The above working conditions were the simulation results under the standard model. Considering the actual operating state and simulating the simulation under reasonable model, the new LADRC control effect was better than the traditional LADRC. Reasonable model configuration were as follows: Sampling deviation of DC bus was 1% of rated value, bus capacitance was 90% of standard value and filter reactance was 110% of standard value.
It can be seen that the new LADRC voltage outer loop controller based on total disturbance differentiation had strong anti-total sum disturbance capability, including disturbance of machine side power and grid side voltage within the tolerable range. For the traditional LADRC, due to the poor tracking performance of the LESO on the actual total disturbance, the controlled system could be constructed into an integral series through the disturbance compensation link, resulting in an increase in the bus voltage fluctuation range and adjustment time. The introduction of the total disturbance differential term improved the performance of dynamic disturbance observation, and the voltage outer loop control of the new LADRC enhanced the voltage stability of the grid-connected inverter bus.
According to [
35], a first-order nonlinear ADRC was proposed. The experimental results show that the starting surge voltage on the DC-side capacitor can be effectively reduced and the dynamic performance is better, but the controller parameters were more difficult to tune. The bus voltage fluctuated greatly in the steady state, and the fluctuation range was ±7.8%. By comparing the steady-state effects of
Figure 15, the new LADRC proposed in this paper had the advantages of convenient adjustment and good steady-state performance. According to [
36], a second-order non-linear ADRC was proposed. By comparing the bus voltage waveforms during low voltage traversing, it can be seen that the second-order non-linear ADRC had strong control performance, short regulation time and good steady-state performance, but the parameters of the controller were more. The new LADRC proposed in this paper had only three adjustable parameters, which was conducive to practical engineering applications. According to [
37], a control strategy based on first-order LADRC was proposed. The tracking differentiator, extended state observer and state error feedback law were applied to improve the response speed and control precision of the system. In [
37], the fluctuation range and adjustment time of the DC-side capacitor voltage during load shedding were: ±7.1%, 50 ms. By comparing
Figure 17, the new LADRC proposed in this paper had stronger control performance than the first-order LADRC.
6. Conclusions
In this paper, the bus voltage of wind power inverter was taken as the control object. Aiming at the influence of grid voltage fluctuation and machine side disturbance on bus voltage, a bus voltage control method based on improved LADRC was proposed.

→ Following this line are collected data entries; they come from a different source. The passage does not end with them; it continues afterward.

(* Let $C=(C_{i,j})$ be an $m\times n$ evolutionary stable (ES) configuration, where $n$ is divisible by $3$. Suppose that for some row index $i$ with $i+2\le m$, row $i+2$ is the string $101\,101\cdots101$ (i.e.\ $C_{i+2,l}=0$ if $l\equiv 2\pmod 3$ and $C_{i+2,l}=1$ otherwise, for all $1\le l\le n$). Then $C_{i,j}=0$ for every $j$ with $C_{i+2,j}=0$; that is, there is no $j$ with $C_{i+2,j}=0$ and $C_{i,j}=1$.
   Context: An $m\times n$ configuration is a $0$-$1$ matrix $C=(C_{i,j})$, $1\le i\le m$, $1\le j\le n$; $C_{i,j}=1$ means lot $(i,j)$ is occupied by a house. Row $1$ is the northernmost, row $m$ the southernmost; column $1$ westernmost, column $n$ easternmost. A house at $(i,j)$ is blocked from sunlight if the three lots $(i,j-1)$, $(i,j+1)$, $(i+1,j)$ all lie inside the grid and are all occupied (lots outside the grid never obstruct sunlight). $C$ is permissible if no house is blocked, and maximal if it is permissible and setting any single empty lot to $1$ yields a non-permissible configuration. A maximal configuration is resistant to predators if, for every empty lot, putting a house on it results in that new house being blocked; it is resistant to altruists if, for every empty lot, putting a house on it results in some other (already existing) house being blocked. An ES configuration is a maximal configuration resistant to both predators and altruists. *)

From mathcomp Require Import all_boot.
Set Implicit Arguments. Unset Strict Implicit. Unset Printing Implicit Defensive.

(* An m x n configuration: C i j for 1 <= i <= m, 1 <= j <= n (1-based);
   values outside the grid are never inspected. *)
Definition config := nat -> nat -> bool.

Definition in_grid (m n i j : nat) : bool := (1 <= i <= m) && (1 <= j <= n).

Definition blocked (m n : nat) (C : config) (i j : nat) : bool :=
  [&& C i j, 2 <= j, j + 1 <= n, i + 1 <= m,
      C i (j - 1), C i (j + 1) & C (i + 1) j].

Definition permissible (m n : nat) (C : config) : Prop :=
  forall i j, in_grid m n i j -> ~~ blocked m n C i j.

Definition add_house (C : config) (a b : nat) : config :=
  fun i j => ((i == a) && (j == b)) || C i j.

Definition maximal (m n : nat) (C : config) : Prop :=
  permissible m n C /\
  forall a b, in_grid m n a b -> ~~ C a b -> ~ permissible m n (add_house C a b).

Definition resistant_predators (m n : nat) (C : config) : Prop :=
  forall a b, in_grid m n a b -> ~~ C a b -> blocked m n (add_house C a b) a b.

Definition resistant_altruists (m n : nat) (C : config) : Prop :=
  forall a b, in_grid m n a b -> ~~ C a b ->
    exists i j, [/\ in_grid m n i j, (i, j) <> (a, b), C i j &
                    blocked m n (add_house C a b) i j].

Definition ES (m n : nat) (C : config) : Prop :=
  [/\ maximal m n C, resistant_predators m n C & resistant_altruists m n C].

From mathcomp Require Import all_boot zify.
Set Implicit Arguments. Unset Strict Implicit. Unset Printing Implicit Defensive.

Based on the traditional LESO structure, the differential term of the summation disturbance can effectively increase the LESO observation bandwidth and achieve the effect of fast-tracking compensation for total disturbance. The new LADRC voltage outer loop controller based on the total disturbance differential had better anti-interference performance. The simulation comparison between the new LADRC and the traditional LADRC under the conditions of over-voltage, low- voltage and machine side loading, load shedding and load rejection showed that the new LADRC had better control performance for stable bus voltage than traditional LADRC control.

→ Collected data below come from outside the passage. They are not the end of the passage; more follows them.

(* Every mean-variance team stochastic game as described in the context has a deterministic joint policy $\boldsymbol{\mu}^*\in\mathcal{D}$ (i.e. each $\mu_i^*$ maps $\mathcal{S}$ to $\mathcal{A}_i$) such that $J(\boldsymbol{\mu}^* )=\max_{\boldsymbol{\mu}\in\mathcal{U}}J(\boldsymbol{\mu})$; in particular $\boldsymbol{\mu}^*$ is a Nash equilibrium, i.e. $J(\mu_i^*,\boldsymbol{\mu}_{-i}^* )\ge J(\mu_i,\boldsymbol{\mu}^*_{-i})$ for all $i\in\mathcal{N}$ and all $\mu_i\in\mathcal{U}_i$.
   Context: A team stochastic game consists of a finite set of agents $\mathcal{N}=\{1,\dots,N\}$, a finite state space $\mathcal{S}$, finite action sets $\mathcal{A}_i$ with joint action set $\mathcal{A}=\prod_i\mathcal{A}_i$, a transition kernel $P(s'|s,\boldsymbol{a})$ and a common reward $r:\mathcal{S}\times\mathcal{A}\to\mathbb{R}$. A policy of agent $i$ is $\mu_i:\mathcal{S}\to\Delta(\mathcal{A}_i)$ (set $\mathcal{U}_i$); a joint policy $\boldsymbol{\mu}=(\mu_1,\dots,\mu_N)\in\mathcal{U}=\prod_i\mathcal{U}_i$ selects $\boldsymbol{a}$ in state $s$ with probability $\prod_i\mu_i(a_i|s)$; $\mathcal{D}\subset\mathcal{U}$ is the set of deterministic joint policies. $(\mu_i,\boldsymbol{\mu}_{-i})$ denotes the joint policy in which agent $i$ uses $\mu_i$ and the others use $\boldsymbol{\mu}_{-i}$. Standing assumption: the Markov chain $P^{\boldsymbol{\mu}}(s'|s)=\sum_{\boldsymbol{a}}\boldsymbol{\mu}(\boldsymbol{a}|s)P(s'|s,\boldsymbol{a})$ is ergodic for every $\boldsymbol{\mu}\in\mathcal{U}$, with stationary distribution $\pi^{\boldsymbol{\mu}}$. Define $\eta^{\boldsymbol{\mu}}=\sum_s\pi^{\boldsymbol{\mu}}(s)\sum_{\boldsymbol{a}}\boldsymbol{\mu}(\boldsymbol{a}|s)r(s,\boldsymbol{a})$ (long-run average reward), $\zeta^{\boldsymbol{\mu}}=\sum_s\pi^{\boldsymbol{\mu}}(s)\sum_{\boldsymbol{a}}\boldsymbol{\mu}(\boldsymbol{a}|s)(r(s,\boldsymbol{a})-\eta^{\boldsymbol{\mu}})^2$ (long-run variance), and for a fixed $\beta\ge0$, $J(\boldsymbol{\mu})=\eta^{\boldsymbol{\mu}}-\beta\zeta^{\boldsymbol{\mu}}$. *)

From HB Require Import structures.
From mathcomp Require Import all_boot all_order all_algebra.
From mathcomp Require Import reals.
Set Implicit Arguments. Unset Strict Implicit. Unset Printing Implicit Defensive.
Import Order.TTheory GRing.Theory Num.Theory.
Local Open Scope ring_scope.

Section TeamGame.
Variables (R : realType) (N : nat) (S : finType) (A : 'I_N -> finType).

Definition jaction := {dffun forall i : 'I_N, A i}.

(* a (possibly randomized) joint policy: mu i s a_i = mu_i(a_i | s) *)
Definition jpolicy := forall i : 'I_N, S -> A i -> R.

Definition valid_local_policy (i : 'I_N) (m : S -> A i -> R) : Prop :=
  (forall s a, 0 <= m s a) /\ (forall s, \sum_(a : A i) m s a = 1).

Definition valid_policy (mu : jpolicy) : Prop :=
  forall i, valid_local_policy (mu i).

Definition jprob (mu : jpolicy) (s : S) (a : jaction) : R :=
  \prod_(i < N) mu i s (a i).

Definition replace_policy (mu : jpolicy) (i : 'I_N) (m : S -> A i -> R)
  : jpolicy := dfwith mu m.

Definition det_policy (d : forall i : 'I_N, S -> A i) : jpolicy :=
  fun i s a => if a == d i s then 1 else 0.

Definition valid_kernel (P : S -> jaction -> S -> R) : Prop :=
  (forall s a s', 0 <= P s a s') /\ (forall s a, \sum_(s' : S) P s a s' = 1).

Definition Pmu (P : S -> jaction -> S -> R) (mu : jpolicy) (s s' : S) : R :=
  \sum_(a : jaction) jprob mu s a * P s a s'.

Fixpoint npow (Q : S -> S -> R) (n : nat) (s s' : S) : R :=
  match n with
  | 0%N => (s == s')%:R
  | k.+1 => \sum_(t : S) npow Q k s t * Q t s'
  end.

(* ergodic finite chain (irreducible and aperiodic), in the equivalent
   "regular / primitive" form: some power has all entries positive *)
Definition ergodic (Q : S -> S -> R) : Prop :=
  exists n : nat, (0 < n)%N /\ forall s s', 0 < npow Q n s s'.

Definition stationary (Q : S -> S -> R) (pi : S -> R) : Prop :=
  (forall s, 0 <= pi s) /\ \sum_(s : S) pi s = 1 /\
  (forall s', \sum_(s : S) pi s * Q s s' = pi s').

(* long-run average reward, computed w.r.t. the stationary distribution pi *)
Definition eta (r : S -> jaction -> R) (mu : jpolicy) (pi : S -> R) : R :=
  \sum_(s : S) pi s * \sum_(a : jaction) jprob mu s a * r s a.

Definition zeta (r : S -> jaction -> R) (mu : jpolicy) (pi : S -> R) : R :=
  \sum_(s : S) pi s *
    \sum_(a : jaction) jprob mu s a * (r s a - eta r mu pi) ^+ 2.

Definition Jmv (beta : R) (r : S -> jaction -> R) (mu : jpolicy)
  (pi : S -> R) : R :=
  eta r mu pi - beta * zeta r mu pi.

End TeamGame.

From mathcomp Require Import all_boot all_order all_algebra.
From mathcomp Require Import reals.
From mathcomp Require Import ring lra.
From mathcomp Require boolp.
Import Order.TTheory GRing.Theory Num.Theory.
Local Open Scope ring_scope.
Set Implicit Arguments. Unset Strict Implicit. Unset Printing Implicit Defensive.

(* Fix a reward [g].  Replacing a policy [mu] at one state [s0] by a fixed joint
   action [a] gives policies [mu_a] whose stationary distributions, suitably
   weighted, mix into an invariant measure of [mu]; by uniqueness of the
   stationary distribution of an ergodic chain this mixture is the stationary
   distribution of [mu] itself.  So the long-run average of [g] under [mu] is a
   convex combination of its averages under the [mu_a], and one of them does at
   least as well.  Repeating this at every state, some pure policy does at least
   as well as [mu].
   The variance is removed by linearization: with [e = eta(mu)] and
   [g_e = (1 + 2 beta e) r - beta r^2], every policy [nu] satisfies
   [J(nu) = eta_nu(g_e) - beta e^2 + beta (eta(nu) - e)^2], and the last term
   vanishes at [nu = mu]; so a pure policy improving the average of [g_e] over
   [mu] also improves [J].  Hence a maximizer of [J] among the finitely many
   pure policies maximizes [J] over all policies, and being a team optimum it
   is a Nash equilibrium. *)

Lemma sum_dffun_prod (R : comNzRingType) (I : finType) (T_ : I -> finType)
    (F : forall i, T_ i -> R) :
  \sum_(a : {dffun forall i : I, T_ i}) \prod_i F i (a i) =
  \prod_i \sum_(b : T_ i) F i b.
Proof.
pose P_ i := [ffun b : T_ i => F i b].
transitivity (\prod_i \sum_(b : T_ i) P_ i b); last first.
  by apply: eq_bigr => i _; apply: eq_bigr => b _; rewrite ffunE.
under [RHS]eq_bigr => i _ do rewrite (big_tag (fun i => P_ i) i).
rewrite bigA_distr_big_dep -big_fprod.
rewrite (reindex (@dffun_of_fprod I T_)); last exact/onW_bij/dffun_of_fprod_bij.
by apply: eq_bigr => t _; apply: eq_bigr => i _; rewrite !ffunE.
Qed.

In this paper, the total perturbation differential structure is introduced to increase the bandwidth of the controller. But at the same time, it will amplify the high-frequency noise, which will lead to large-scale high-frequency oscillation of the system control quantity, which is unbearable for the actuator. Therefore, the next research task of our research group is to resolve the contradiction between the performance of the observer and its sensitivity to noise.